The one external reference in the entire repo is the Mermaid schema diagram in this README, which GitHub renders server-side when you view the README on github.com. That's GitHub's rendering, not the plugin's runtime — the live plugin never touches Mermaid. Offline git clones of the repo show the diagram as a code block in the README, which is still readable.

Security & supply chain

Every release ships with machine-readable supply-chain documents under security/:

  • security/sbom.cdx.jsonCycloneDX 1.6 Software Bill of Materials enumerating every direct and transitive runtime dependency, with purl identifiers so it drops straight into Dependency-Track, grype, trivy, osv-scanner, or GitHub's dependency graph.
  • security/openvex.jsonOpenVEX 0.2.0 Vulnerability Exploitability eXchange document telling downstream consumers which CVEs actually affect the running code. At v0.1.2 there are no known CVEs affecting the plugin or its sole runtime dependency svgwrite.

Both files are regenerated on every tagged release. See security/README.md for regeneration commands and a summary of current contents.

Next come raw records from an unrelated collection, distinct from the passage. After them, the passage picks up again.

(* Let $\mathcal{X}$ be an extension-closed subcategory of $\mathcal{C}$ and $\mathcal{W}$ a cogenerator for $\mathcal{X}$. Let $n\ge1$ and $C\in\mathcal{C}$. Then $C\in\widehat{\mathcal{X}}_n$ if and only if there exists an $\mathbb{E}$-triangle sequence $W_n\to\cdots\to W_2\to W_1\to X_0\to C$ with $X_0\in\mathcal{X}$ and $W_i\in\mathcal{W}$ for $1\le i\le n$, i.e. there exist $\mathbb{E}$-triangles $K_1\to X_0\to C\dashrightarrow$ and $K_{i+1}\to W_i\to K_i\dashrightarrow$ for $1\le i\le n-1$, with $K_n=W_n$.
   Context: $\mathcal{C}=(\mathcal{C},\mathbb{E},\mathfrak{s})$ is an extriangulated category (in the sense of Nakaoka–Palu) with enough projectives and enough injectives; a conflation realizing $\delta\in\mathbb{E}(C,A)$ is written as an $\mathbb{E}$-triangle $A\to B\to C\dashrightarrow$. All subcategories are full, additive, closed under isomorphisms and direct summands. $\mathcal{X}$ is extension-closed if for every $\mathbb{E}$-triangle $A\to B\to C\dashrightarrow$ with $A,C\in\mathcal{X}$ one has $B\in\mathcal{X}$. $\mathcal{W}$ is a cogenerator for $\mathcal{X}$ if $\mathcal{W}\subseteq\mathcal{X}$ and for each $X\in\mathcal{X}$ there is an $\mathbb{E}$-triangle $X\to W\to X'\dashrightarrow$ with $W\in\mathcal{W}$, $X'\in\mathcal{X}$. For $n\ge0$, $\widehat{\mathcal{X}}_n$ is the subcategory of objects $C$ for which there exist $\mathbb{E}$-triangles $K_{i+1}\to X_i\to K_i\dashrightarrow$ ($0\le i\le n-1$) with $K_0=C$, all $X_i\in\mathcal{X}$ and $K_n\in\mathcal{X}$. *)

From HB Require Import structures.
From mathcomp Require Import all_boot all_algebra.
Set Implicit Arguments. Unset Strict Implicit. Unset Printing Implicit Defensive.
Import GRing.Theory.
Local Open Scope ring_scope.

(* Data of an extriangulated category (Nakaoka--Palu):                 *)
(*  an additive category, a biadditive functor E : C^op x C -> Ab,      *)
(*  and a realization s.  [Ext C A] is E(C,A); [push a] is a_* and      *)
(*  [pull c] is c^*; [real d x y] means that the sequence               *)
(*  A -x-> B -y-> C belongs to the equivalence class s(d).              *)
Record ExtriData := {
  obj : Type;
  hom : obj -> obj -> zmodType;
  comp : forall A B C : obj, hom B C -> hom A B -> hom A C;
  idm : forall A : obj, hom A A;
  Ext : obj -> obj -> zmodType;
  push : forall A A' C : obj, hom A A' -> Ext C A -> Ext C A';
  pull : forall A C C' : obj, hom C' C -> Ext C A -> Ext C' A;
  real : forall A B C : obj, Ext C A -> hom A B -> hom B C -> Prop
}.
Arguments comp {_ _ _ _} _ _.
Arguments idm {_} _.
Arguments push {_ _ _ _} _ _.
Arguments pull {_ _ _ _} _ _.
Arguments real {_ _ _ _} _ _ _.

Section ExtriDefs.
Variable C : ExtriData.
Local Notation Ob := (obj C).
Local Notation Hm := (@hom C).
Local Notation Ex := (@Ext C).

Definition is_iso (A B : Ob) (f : Hm A B) : Prop :=
  exists g : Hm B A, comp g f = idm A /\ comp f g = idm B.

Definition isomorphic (A B : Ob) : Prop := exists f : Hm A B, is_iso f.

Definition is_biproduct (A1 A2 P : Ob) (i1 : Hm A1 P) (i2 : Hm A2 P)
    (p1 : Hm P A1) (p2 : Hm P A2) : Prop :=
  [/\ comp p1 i1 = idm A1, comp p2 i2 = idm A2, comp p1 i2 = 0,
      comp p2 i1 = 0 & comp i1 p1 + comp i2 p2 = idm P].

Definition is_zero_obj (Z : Ob) : Prop := idm Z = 0.

Definition category_axioms : Prop :=
  [/\ (forall (A B D E : Ob) (f : Hm D E) (g : Hm B D) (h : Hm A B),
         comp f (comp g h) = comp (comp f g) h),
      (forall (A B : Ob) (f : Hm A B), comp (idm B) f = f),
      (forall (A B : Ob) (f : Hm A B), comp f (idm A) = f),
      (forall (A B D : Ob) (f f' : Hm B D) (g : Hm A B),
         comp (f + f') g = comp f g + comp f' g) &
      (forall (A B D : Ob) (f : Hm B D) (g g' : Hm A B),
         comp f (g + g') = comp f g + comp f g')].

Reporting a vulnerability: please open a private Security Advisory on GitHub rather than a public issue.

Not in v0.4

Strut channel, keystone frames, Krone LSA / 110-block terminal frames, HMI panel cutouts, pneumatic manifolds, auto-provisioning mounts from existing bay templates, drag-to-place UI, GraphQL.

Nested SVG recursion (a hosted device's own interior rendered inline inside its rectangle on the parent mount — think "click into an MCC bucket from the cabinet view and see the DIN rail inside") is deferred to a future release. The visual equivalent of the existing rack-elevation monkey-patch but pointed inward. Beautiful feature, wants its own release cycle.

Okabe-Ito colorblind-safe palette and a monochrome/pattern fallback for print are both deferred. The v0.4.0 high-contrast mode (@media (prefers-contrast: more)) handles the substation-sunlight case but not colorblindness explicitly. If a user speaks up, we'll revisit.

Environmental / certification metadata (IP, NEMA, Ex, temperature, RF shielding, EMP/HEMP, SIL, seismic, fire, impact, etc.) is handled via NetBox custom fields on dcim.rack and dcim.devicetype — see the "Environmental / certification ratings" section above. The plugin will not grow first-class fields for these.